Records provided

(* Let $V$ be as defined in the context. Then $V$ has the same distribution as $\sum_{i=1}^{K}Y_i$, where: - $K$ is Poisson with mean $\frac{\theta}{(1-q)\gamma}$; - $Y_1,Y_2,\dots$ are i.i.d. and independent of $K$, each distributed as the size at an independent time $X\sim\mathrm{Exp}(\delta)$ of a linear birth–death process with rates $\alpha,\beta$ started from one cell. In particular $\mathbb{E}[\varphi_X(z)]=1-(1-q)\,{}_2F_1(1,\gamma;1+\gamma;\xi(z))$, where $\varphi_s(z)=1-\frac{1-q}{1-\xi(z)e^{-\lambda s}}$ is the probability generating function of the birth–death process at time $s$. Equivalently, $$\log\mathbb{E}[z^V]=\frac{\theta}{(1-q)\gamma}\int_0^\infty(\varphi_t(z)-1)\,\delta e^{-\delta t}\,dt .$$
   Context: Fix $\delta>0$ and $\alpha>\beta\ge0$, put $\lambda=\alpha-\beta$, $q=\beta/\alpha$, $\gamma=\delta/\lambda$, and fix $\theta>0$. Let $\xi(z)=\frac{q-z}{1-z}$. Let $V$ be a random variable on $\{0,1,\dots\}$ with $\log\mathbb{E}[z^V]=-\frac{\theta}{\gamma}{}_2F_1(1,\gamma;1+\gamma;\xi(z))$ for $z\in[0,1)$, where ${}_2F_1$ is the Gauss hypergeometric function. (This $V$ is the distributional limit of the total mutant count as $N\to\infty$, $\nu=\alpha\theta/N$, in the model where the wild type is $e^{\delta t}$ and mutants appear at Poisson rate $\nu e^{\delta t}$.) *)

From Stdlib Require Import Reals Factorial.
Open Scope R_scope.

Definition lam (alpha beta : R) : R := alpha - beta.
Definition qq (alpha beta : R) : R := beta / alpha.
Definition gam (delta alpha beta : R) : R := delta / (alpha - beta).

Definition xi (q z : R) : R := (q - z) / (1 - z).

Definition phi (alpha beta s z : R) : R :=
  1 - (1 - qq alpha beta) / (1 - xi (qq alpha beta) z * exp (- lam alpha beta * s)).

Definition has_integral_0_inf (f : R -> R) (l : R) : Prop :=
  (forall b, 0 <= b -> exists pr : Riemann_integrable f 0 b, True) /\
  (forall eps, 0 < eps -> exists M, forall b (pr : Riemann_integrable f 0 b),
      M <= b -> Rabs (RiemannInt pr - l) < eps).

Definition has_integral_0_1 (f : R -> R) (l : R) : Prop :=
  (forall a, 0 < a <= 1 -> exists pr : Riemann_integrable f a 1, True) /\
  (forall eps, 0 < eps -> exists d, 0 < d /\ forall a (pr : Riemann_integrable f a 1),
      0 < a < d -> a <= 1 -> Rabs (RiemannInt pr - l) < eps).

(** hyp2F1_1 g x F  <->  F = 2F1(1, g; 1+g; x), via Euler's integral
    2F1(1,g;1+g;x) = g * int_0^1 t^(g-1) (1 - x t)^(-1) dt  (g > 0, x < 1),
    which is the analytic continuation of the Gauss series to x < 1. *)
Definition hyp2F1_1 (g x F : R) : Prop :=
  has_integral_0_1 (fun t => g * Rpower t (g - 1) / (1 - x * t)) F.

Definition is_pmf (p : nat -> R) : Prop :=
  (forall n, 0 <= p n) /\ infinite_sum p 1.

Definition pgf_at (p : nat -> R) (z G : R) : Prop :=
  infinite_sum (fun n => p n * z ^ n) G.

(** Law of the linear birth-death process (birth rate alpha, death rate beta,
    one initial cell): P t is the law of the population size at time t,
    characterized by its pgf phi_t. *)
Definition is_BD_law (alpha beta : R) (P : R -> nat -> R) : Prop :=
  forall t, 0 <= t -> is_pmf (P t) /\
    (forall z, 0 <= z < 1 -> pgf_at (P t) z (phi alpha beta t z)).

Definition conv (p r : nat -> R) (n : nat) : R :=
  sum_f_R0 (fun i => p i * r (n - i)%nat) n.

Fixpoint conv_pow (p : nat -> R) (k : nat) : nat -> R :=
  match k with
  | O => fun n => match n with O => 1 | _ => 0 end
  | S k' => conv p (conv_pow p k')
  end.

Definition poisson_pmf (mu : R) (k : nat) : R := exp (- mu) * mu ^ k / INR (fact k).

(* Substituting u = exp (-lambda t) in Euler's integral for 2F1(1,gamma;1+gamma;xi) shows that
   F = E[1 / (1 - xi exp (-lambda X))] for X ~ Exp(delta).  Since
   phi_t(z) = 1 - (1-q) / (1 - xi exp (-lambda t)), this gives E[phi_X(z)] = 1 - (1-q) F, and
   then log E[z^V] = -(theta/gamma) F = mu (E[phi_X(z)] - 1) with mu = theta / ((1-q) gamma).
   Exchanging the pgf series with the integral in t (the tails of the pgf of Z_t are at most
   z^(N+1), uniformly in t) identifies E[phi_X(z)] as the pgf of Y, and by Tonelli the compound
   Poisson law sum_k Pois_mu(k) pY^{*k} has pgf exp (mu (G_Y - 1)).  So it has the same pgf as V
   on (0,1), hence the same coefficients. *)

From Stdlib Require Import Reals Factorial Lra Lia.
From Coquelicot Require Import Coquelicot.
Open Scope R_scope.

Definition is_RInt_pinfty (f : R -> R) (l : R) : Prop :=
  (forall b, 0 <= b -> ex_RInt f 0 b) /\ is_lim (fun b => RInt f 0 b) p_infty l.

Lemma has_integral_0_inf_RInt_pinfty f l :
  has_integral_0_inf f l <-> is_RInt_pinfty f l.
Proof.
  split; intros [Hex Hlim]; split.
  - intros b Hb; destruct (Hex b Hb) as [pr _]; exact (ex_RInt_Reals_1 _ _ _ pr).
  - apply is_lim_spec; intros eps.
    destruct (Hlim eps (cond_pos eps)) as [M HM]; exists (Rmax 0 M); intros b Hb.
    destruct (Hex b) as [pr _]; [apply Rle_trans with (Rmax 0 M); [apply Rmax_l | lra]|].
    rewrite (RInt_Reals _ _ _ pr); apply HM.
    apply Rle_trans with (Rmax 0 M); [apply Rmax_r | lra].
  - intros b Hb; exists (ex_RInt_Reals_0 _ _ _ (Hex b Hb)); exact I.
  - intros eps Heps; apply is_lim_spec in Hlim.
    destruct (Hlim (mkposreal eps Heps)) as [M HM]; exists (Rmax 0 M + 1); intros b pr Hb.
    rewrite <- RInt_Reals; apply HM.
    pose proof (Rmax_r 0 M); lra.
Qed.

Lemma is_RInt_pinfty_ext f g l :
  (forall t, 0 <= t -> f t = g t) -> is_RInt_pinfty f l -> is_RInt_pinfty g l.
Proof.
  intros Efg [Hex Hlim]; split.
  - intros b Hb; apply (ex_RInt_ext f); [|exact (Hex b Hb)].
    intros x; rewrite Rmin_left by lra; intros Hx; apply Efg; lra.
  - apply (is_lim_ext_loc (fun b => RInt f 0 b)); [|exact Hlim].
    exists 0; intros b Hb; apply RInt_ext.
    intros x; rewrite Rmin_left by lra; intros Hx; apply Efg; lra.
Qed.

Lemma is_RInt_pinfty_scal f c l :
  is_RInt_pinfty f l -> is_RInt_pinfty (fun t => c * f t) (c * l).
Proof.
  intros [Fex Flim]; split.
  - intros b Hb; apply (ex_RInt_scal (V := R_NormedModule)); auto.
  - apply (is_lim_ext_loc (fun b => c * RInt f 0 b)).
    + exists 0; intros b Hb; symmetry; apply (RInt_scal (V := R_CompleteNormedModule)).
      apply Fex; lra.
    + exact (is_lim_scal_l _ c _ l Flim).
Qed.

Lemma is_RInt_pinfty_plus f g lf lg :
  is_RInt_pinfty f lf -> is_RInt_pinfty g lg ->
  is_RInt_pinfty (fun t => f t + g t) (lf + lg).
Proof.
  intros [Fex Flim] [Gex Glim]; split.
  - intros b Hb; apply (ex_RInt_plus (V := R_NormedModule)); auto.
  - apply (is_lim_ext_loc (fun b => RInt f 0 b + RInt g 0 b)).
    + exists 0; intros b Hb; symmetry; apply (RInt_plus (V := R_CompleteNormedModule));
        [apply Fex | apply Gex]; lra.
    + apply is_lim_plus'; assumption.
Qed.

Lemma is_RInt_pinfty_le f g lf lg :
  (forall t, 0 <= t -> f t <= g t) ->
  is_RInt_pinfty f lf -> is_RInt_pinfty g lg -> lf <= lg.
Proof.
  intros Hfg [Fex Flim] [Gex Glim].
  apply (is_lim_le_loc (fun b => RInt f 0 b) (fun b => RInt g 0 b) p_infty lf lg);
    [|exact Flim|exact Glim].
  exists 0; intros b Hb; apply RInt_le; auto with real.
  intros x Hx; apply Hfg; lra.
Qed.

Lemma is_RInt_pinfty_ge_0 f l :
  (forall t, 0 <= t -> 0 <= f t) -> is_RInt_pinfty f l -> 0 <= l.
Proof.
  intros Hf [Fex Flim].
  apply (is_lim_le_loc (fun _ => 0) (fun b => RInt f 0 b) p_infty 0 l);
    [| apply is_lim_const | exact Flim].
  exists 0; intros b Hb; apply RInt_ge_0; [lra | apply Fex; lra |].
  intros x Hx; apply Hf; lra.
Qed.

Lemma is_lim_exp_neg c : 0 < c -> is_lim (fun t => exp (- c * t)) p_infty 0.
Proof.
  intros Hc; apply (is_lim_comp exp (fun t => - c * t) p_infty 0 m_infty).
  - exact is_lim_exp_m.
  - apply is_lim_spec; intros M; exists (- M / c); intros t Ht.
    apply Rlt_div_l in Ht; lra.
  - exists 0; intros t _; discriminate.
Qed.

How to complete this task
Once you reach the line with "rewrite (RInt_Reals _ _ _ pr); apply HM." in the data above, copy it and every line after it exactly, up to and including the line with "- apply (is_lim_ext_loc (fun b => RInt f 0 b +".

Solution for this exercise
    rewrite (RInt_Reals _ _ _ pr); apply HM.
    apply Rle_trans with (Rmax 0 M); [apply Rmax_r | lra].
  - intros b Hb; exists (ex_RInt_Reals_0 _ _ _ (Hex b Hb)); exact I.
  - intros eps Heps; apply is_lim_spec in Hlim.
    destruct (Hlim (mkposreal eps Heps)) as [M HM]; exists (Rmax 0 M + 1); intros b pr Hb.
    rewrite <- RInt_Reals; apply HM.
    pose proof (Rmax_r 0 M); lra.
Qed.

Lemma is_RInt_pinfty_ext f g l :
  (forall t, 0 <= t -> f t = g t) -> is_RInt_pinfty f l -> is_RInt_pinfty g l.
Proof.
  intros Efg [Hex Hlim]; split.
  - intros b Hb; apply (ex_RInt_ext f); [|exact (Hex b Hb)].
    intros x; rewrite Rmin_left by lra; intros Hx; apply Efg; lra.
  - apply (is_lim_ext_loc (fun b => RInt f 0 b)); [|exact Hlim].
    exists 0; intros b Hb; apply RInt_ext.
    intros x; rewrite Rmin_left by lra; intros Hx; apply Efg; lra.
Qed.

Lemma is_RInt_pinfty_scal f c l :
  is_RInt_pinfty f l -> is_RInt_pinfty (fun t => c * f t) (c * l).
Proof.
  intros [Fex Flim]; split.
  - intros b Hb; apply (ex_RInt_scal (V := R_NormedModule)); auto.
  - apply (is_lim_ext_loc (fun b => c * RInt f 0 b)).
    + exists 0; intros b Hb; symmetry; apply (RInt_scal (V := R_CompleteNormedModule)).
      apply Fex; lra.
    + exact (is_lim_scal_l _ c _ l Flim).
Qed.

Lemma is_RInt_pinfty_plus f g lf lg :
  is_RInt_pinfty f lf -> is_RInt_pinfty g lg ->
  is_RInt_pinfty (fun t => f t + g t) (lf + lg).
Proof.
  intros [Fex Flim] [Gex Glim]; split.
  - intros b Hb; apply (ex_RInt_plus (V := R_NormedModule)); auto.
  - apply (is_lim_ext_loc (fun b => RInt f 0 b + RInt g 0 b)).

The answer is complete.